Show all lines of the listing that hold the word "half".

## Source records

++++++++

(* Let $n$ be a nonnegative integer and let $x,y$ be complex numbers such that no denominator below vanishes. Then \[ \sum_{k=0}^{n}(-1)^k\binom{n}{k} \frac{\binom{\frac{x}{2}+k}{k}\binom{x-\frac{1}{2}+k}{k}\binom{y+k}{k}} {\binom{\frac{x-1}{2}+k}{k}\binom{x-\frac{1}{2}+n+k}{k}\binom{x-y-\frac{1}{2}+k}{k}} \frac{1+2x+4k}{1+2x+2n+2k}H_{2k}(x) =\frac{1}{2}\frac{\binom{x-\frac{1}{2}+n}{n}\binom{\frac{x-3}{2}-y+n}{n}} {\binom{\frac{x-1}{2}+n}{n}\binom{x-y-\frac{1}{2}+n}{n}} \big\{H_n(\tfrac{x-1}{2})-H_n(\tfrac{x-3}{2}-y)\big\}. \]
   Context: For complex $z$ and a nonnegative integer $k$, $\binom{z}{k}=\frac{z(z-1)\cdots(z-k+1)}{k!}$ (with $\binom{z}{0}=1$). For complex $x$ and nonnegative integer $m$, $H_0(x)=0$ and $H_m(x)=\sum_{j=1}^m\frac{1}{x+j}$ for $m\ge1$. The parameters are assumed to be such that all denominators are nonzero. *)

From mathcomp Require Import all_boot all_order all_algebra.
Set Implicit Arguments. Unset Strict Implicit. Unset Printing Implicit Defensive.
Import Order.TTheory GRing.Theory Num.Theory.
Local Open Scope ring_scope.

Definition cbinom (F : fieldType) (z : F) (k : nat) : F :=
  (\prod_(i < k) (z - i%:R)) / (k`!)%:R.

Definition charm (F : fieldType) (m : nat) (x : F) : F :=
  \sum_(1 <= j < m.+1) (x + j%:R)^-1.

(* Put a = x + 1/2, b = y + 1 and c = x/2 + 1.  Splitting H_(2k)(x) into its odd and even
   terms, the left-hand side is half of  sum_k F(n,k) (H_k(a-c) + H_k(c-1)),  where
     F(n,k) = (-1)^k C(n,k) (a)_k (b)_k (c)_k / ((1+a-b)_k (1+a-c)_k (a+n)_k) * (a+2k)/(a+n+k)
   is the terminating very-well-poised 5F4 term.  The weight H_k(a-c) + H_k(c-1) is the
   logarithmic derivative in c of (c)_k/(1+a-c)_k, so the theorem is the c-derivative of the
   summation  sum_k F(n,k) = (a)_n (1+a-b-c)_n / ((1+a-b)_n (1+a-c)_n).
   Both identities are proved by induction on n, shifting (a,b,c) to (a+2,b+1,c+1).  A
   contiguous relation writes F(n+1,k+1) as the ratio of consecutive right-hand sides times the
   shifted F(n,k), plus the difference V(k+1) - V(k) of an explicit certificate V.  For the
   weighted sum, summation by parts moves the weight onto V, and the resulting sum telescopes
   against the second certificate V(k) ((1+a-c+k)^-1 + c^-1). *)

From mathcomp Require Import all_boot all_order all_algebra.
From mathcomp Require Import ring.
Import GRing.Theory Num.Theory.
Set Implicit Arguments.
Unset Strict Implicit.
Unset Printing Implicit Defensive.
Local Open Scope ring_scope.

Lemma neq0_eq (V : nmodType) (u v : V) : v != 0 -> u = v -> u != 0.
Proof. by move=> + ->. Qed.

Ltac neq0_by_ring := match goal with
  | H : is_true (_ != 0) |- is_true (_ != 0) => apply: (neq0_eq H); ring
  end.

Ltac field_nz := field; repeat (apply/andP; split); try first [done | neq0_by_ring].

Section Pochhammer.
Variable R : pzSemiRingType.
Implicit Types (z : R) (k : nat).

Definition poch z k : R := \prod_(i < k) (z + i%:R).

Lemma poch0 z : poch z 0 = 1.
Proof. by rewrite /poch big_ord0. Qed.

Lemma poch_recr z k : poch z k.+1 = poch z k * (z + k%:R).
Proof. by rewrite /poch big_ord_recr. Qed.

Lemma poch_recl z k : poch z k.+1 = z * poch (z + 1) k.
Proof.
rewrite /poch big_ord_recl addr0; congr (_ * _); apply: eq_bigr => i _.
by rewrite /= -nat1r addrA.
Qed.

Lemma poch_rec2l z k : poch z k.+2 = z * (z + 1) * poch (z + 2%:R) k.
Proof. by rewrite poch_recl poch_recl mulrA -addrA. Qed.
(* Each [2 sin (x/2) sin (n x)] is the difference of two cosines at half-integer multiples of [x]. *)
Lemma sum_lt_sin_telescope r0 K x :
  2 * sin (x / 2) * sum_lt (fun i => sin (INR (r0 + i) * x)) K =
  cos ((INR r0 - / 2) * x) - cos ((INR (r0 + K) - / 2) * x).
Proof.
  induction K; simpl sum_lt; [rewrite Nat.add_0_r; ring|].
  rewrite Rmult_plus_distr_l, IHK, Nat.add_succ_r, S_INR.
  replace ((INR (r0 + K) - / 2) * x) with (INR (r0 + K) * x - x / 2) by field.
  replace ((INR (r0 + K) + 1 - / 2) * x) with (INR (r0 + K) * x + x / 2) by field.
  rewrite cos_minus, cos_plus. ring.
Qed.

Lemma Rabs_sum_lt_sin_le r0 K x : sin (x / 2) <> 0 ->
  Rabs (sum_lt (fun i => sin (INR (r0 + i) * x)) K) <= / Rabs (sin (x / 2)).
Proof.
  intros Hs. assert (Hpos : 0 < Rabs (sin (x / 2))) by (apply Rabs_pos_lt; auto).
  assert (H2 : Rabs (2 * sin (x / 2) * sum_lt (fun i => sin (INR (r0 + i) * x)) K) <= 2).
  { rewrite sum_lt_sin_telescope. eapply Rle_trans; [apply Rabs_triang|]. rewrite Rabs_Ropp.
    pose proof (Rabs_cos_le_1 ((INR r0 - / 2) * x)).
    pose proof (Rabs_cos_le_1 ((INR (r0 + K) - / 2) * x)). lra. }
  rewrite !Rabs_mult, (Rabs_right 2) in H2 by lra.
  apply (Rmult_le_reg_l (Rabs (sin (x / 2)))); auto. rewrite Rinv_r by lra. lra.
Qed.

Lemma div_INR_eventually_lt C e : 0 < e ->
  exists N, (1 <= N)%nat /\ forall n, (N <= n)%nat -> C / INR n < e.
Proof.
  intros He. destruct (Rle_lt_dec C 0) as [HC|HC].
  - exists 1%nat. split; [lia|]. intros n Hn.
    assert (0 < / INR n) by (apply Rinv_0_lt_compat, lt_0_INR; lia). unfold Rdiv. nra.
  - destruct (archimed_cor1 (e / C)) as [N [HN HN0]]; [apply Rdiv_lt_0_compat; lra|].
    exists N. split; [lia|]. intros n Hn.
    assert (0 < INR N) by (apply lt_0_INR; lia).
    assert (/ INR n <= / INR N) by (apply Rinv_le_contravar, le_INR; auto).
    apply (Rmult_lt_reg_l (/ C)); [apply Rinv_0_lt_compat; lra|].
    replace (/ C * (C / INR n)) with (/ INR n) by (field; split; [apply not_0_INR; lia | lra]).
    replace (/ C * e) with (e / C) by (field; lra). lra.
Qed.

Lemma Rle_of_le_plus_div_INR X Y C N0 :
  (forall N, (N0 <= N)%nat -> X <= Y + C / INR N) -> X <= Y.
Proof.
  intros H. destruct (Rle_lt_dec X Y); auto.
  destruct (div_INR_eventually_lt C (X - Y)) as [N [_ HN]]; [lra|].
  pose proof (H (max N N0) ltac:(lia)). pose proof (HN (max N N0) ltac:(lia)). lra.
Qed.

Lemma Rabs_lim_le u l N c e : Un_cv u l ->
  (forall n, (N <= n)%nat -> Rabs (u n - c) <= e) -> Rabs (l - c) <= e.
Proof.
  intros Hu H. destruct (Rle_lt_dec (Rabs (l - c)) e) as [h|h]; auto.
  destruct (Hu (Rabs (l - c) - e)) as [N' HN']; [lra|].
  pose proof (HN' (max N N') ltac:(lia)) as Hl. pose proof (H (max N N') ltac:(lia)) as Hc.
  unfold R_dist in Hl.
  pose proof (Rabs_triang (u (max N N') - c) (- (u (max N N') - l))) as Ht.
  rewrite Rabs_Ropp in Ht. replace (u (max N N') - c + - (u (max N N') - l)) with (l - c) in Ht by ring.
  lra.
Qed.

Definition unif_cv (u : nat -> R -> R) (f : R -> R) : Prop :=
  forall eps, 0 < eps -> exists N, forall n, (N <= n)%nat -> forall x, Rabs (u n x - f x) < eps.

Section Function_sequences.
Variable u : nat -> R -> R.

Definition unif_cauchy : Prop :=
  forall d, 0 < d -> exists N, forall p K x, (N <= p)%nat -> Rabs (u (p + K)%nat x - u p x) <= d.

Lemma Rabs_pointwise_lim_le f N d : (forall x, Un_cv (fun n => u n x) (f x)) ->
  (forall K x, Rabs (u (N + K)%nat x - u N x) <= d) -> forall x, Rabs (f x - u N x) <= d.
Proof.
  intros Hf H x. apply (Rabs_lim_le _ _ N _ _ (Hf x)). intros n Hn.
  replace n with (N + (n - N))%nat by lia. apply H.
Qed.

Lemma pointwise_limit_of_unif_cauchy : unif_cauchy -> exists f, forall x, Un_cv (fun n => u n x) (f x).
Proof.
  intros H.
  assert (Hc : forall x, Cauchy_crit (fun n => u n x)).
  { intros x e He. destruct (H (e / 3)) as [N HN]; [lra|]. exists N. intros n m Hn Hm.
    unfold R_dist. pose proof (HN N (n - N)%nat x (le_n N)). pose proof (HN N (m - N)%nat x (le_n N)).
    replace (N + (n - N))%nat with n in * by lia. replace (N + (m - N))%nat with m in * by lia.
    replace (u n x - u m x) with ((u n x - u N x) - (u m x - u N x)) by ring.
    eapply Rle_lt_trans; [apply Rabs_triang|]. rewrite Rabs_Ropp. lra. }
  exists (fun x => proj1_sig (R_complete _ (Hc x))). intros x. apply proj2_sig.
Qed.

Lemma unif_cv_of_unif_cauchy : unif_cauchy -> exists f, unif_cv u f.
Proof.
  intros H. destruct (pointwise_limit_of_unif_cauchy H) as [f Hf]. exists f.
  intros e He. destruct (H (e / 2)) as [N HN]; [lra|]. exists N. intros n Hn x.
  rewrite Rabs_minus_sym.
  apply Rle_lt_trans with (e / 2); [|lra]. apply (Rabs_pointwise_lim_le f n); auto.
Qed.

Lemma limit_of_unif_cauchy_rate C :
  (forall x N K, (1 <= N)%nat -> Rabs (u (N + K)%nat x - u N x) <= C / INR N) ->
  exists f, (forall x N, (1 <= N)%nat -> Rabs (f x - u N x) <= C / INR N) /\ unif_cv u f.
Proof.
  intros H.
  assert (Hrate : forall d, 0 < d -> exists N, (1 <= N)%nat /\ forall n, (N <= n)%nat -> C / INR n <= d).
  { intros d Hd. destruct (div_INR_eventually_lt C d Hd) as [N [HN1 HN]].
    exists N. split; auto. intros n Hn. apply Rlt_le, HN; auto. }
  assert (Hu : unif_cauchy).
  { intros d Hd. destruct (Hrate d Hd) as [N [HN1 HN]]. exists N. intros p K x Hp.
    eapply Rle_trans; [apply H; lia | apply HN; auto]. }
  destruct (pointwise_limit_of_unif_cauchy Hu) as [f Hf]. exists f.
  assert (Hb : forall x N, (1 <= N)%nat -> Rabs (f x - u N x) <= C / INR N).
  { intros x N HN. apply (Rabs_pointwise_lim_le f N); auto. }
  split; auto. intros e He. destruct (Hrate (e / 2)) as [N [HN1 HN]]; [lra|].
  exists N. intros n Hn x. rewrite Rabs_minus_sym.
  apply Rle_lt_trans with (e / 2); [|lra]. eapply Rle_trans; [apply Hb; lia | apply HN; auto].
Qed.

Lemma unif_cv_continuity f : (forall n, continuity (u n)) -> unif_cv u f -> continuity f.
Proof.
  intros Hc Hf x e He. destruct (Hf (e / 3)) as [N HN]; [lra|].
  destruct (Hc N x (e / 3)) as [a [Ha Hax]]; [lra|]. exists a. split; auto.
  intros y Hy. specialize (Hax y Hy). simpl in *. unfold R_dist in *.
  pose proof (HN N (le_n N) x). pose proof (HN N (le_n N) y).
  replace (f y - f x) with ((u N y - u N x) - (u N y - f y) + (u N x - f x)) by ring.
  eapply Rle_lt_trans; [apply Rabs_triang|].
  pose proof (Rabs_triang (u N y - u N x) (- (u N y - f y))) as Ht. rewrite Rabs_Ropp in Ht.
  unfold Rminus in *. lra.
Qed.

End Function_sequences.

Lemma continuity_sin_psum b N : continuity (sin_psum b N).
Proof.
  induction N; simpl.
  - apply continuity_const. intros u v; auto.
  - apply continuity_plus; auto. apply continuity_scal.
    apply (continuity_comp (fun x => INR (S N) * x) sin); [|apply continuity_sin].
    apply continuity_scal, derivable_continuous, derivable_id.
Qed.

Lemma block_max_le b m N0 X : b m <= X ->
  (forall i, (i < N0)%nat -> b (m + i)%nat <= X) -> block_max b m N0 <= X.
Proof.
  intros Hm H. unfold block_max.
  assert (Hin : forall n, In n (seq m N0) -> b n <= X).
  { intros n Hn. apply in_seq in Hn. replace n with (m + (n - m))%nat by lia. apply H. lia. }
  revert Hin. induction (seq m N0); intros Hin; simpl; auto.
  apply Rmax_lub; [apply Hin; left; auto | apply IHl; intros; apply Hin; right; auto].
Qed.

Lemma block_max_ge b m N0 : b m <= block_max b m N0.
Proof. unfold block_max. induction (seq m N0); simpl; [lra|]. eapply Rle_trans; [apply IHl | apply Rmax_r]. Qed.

++++++++

## Response for this exercise
   terms, the left-hand side is half of  sum_k F(n,k) (H_k(a-c) + H_k(c-1)),  where
(* Each [2 sin (x/2) sin (n x)] is the difference of two cosines at half-integer multiples of [x]. *)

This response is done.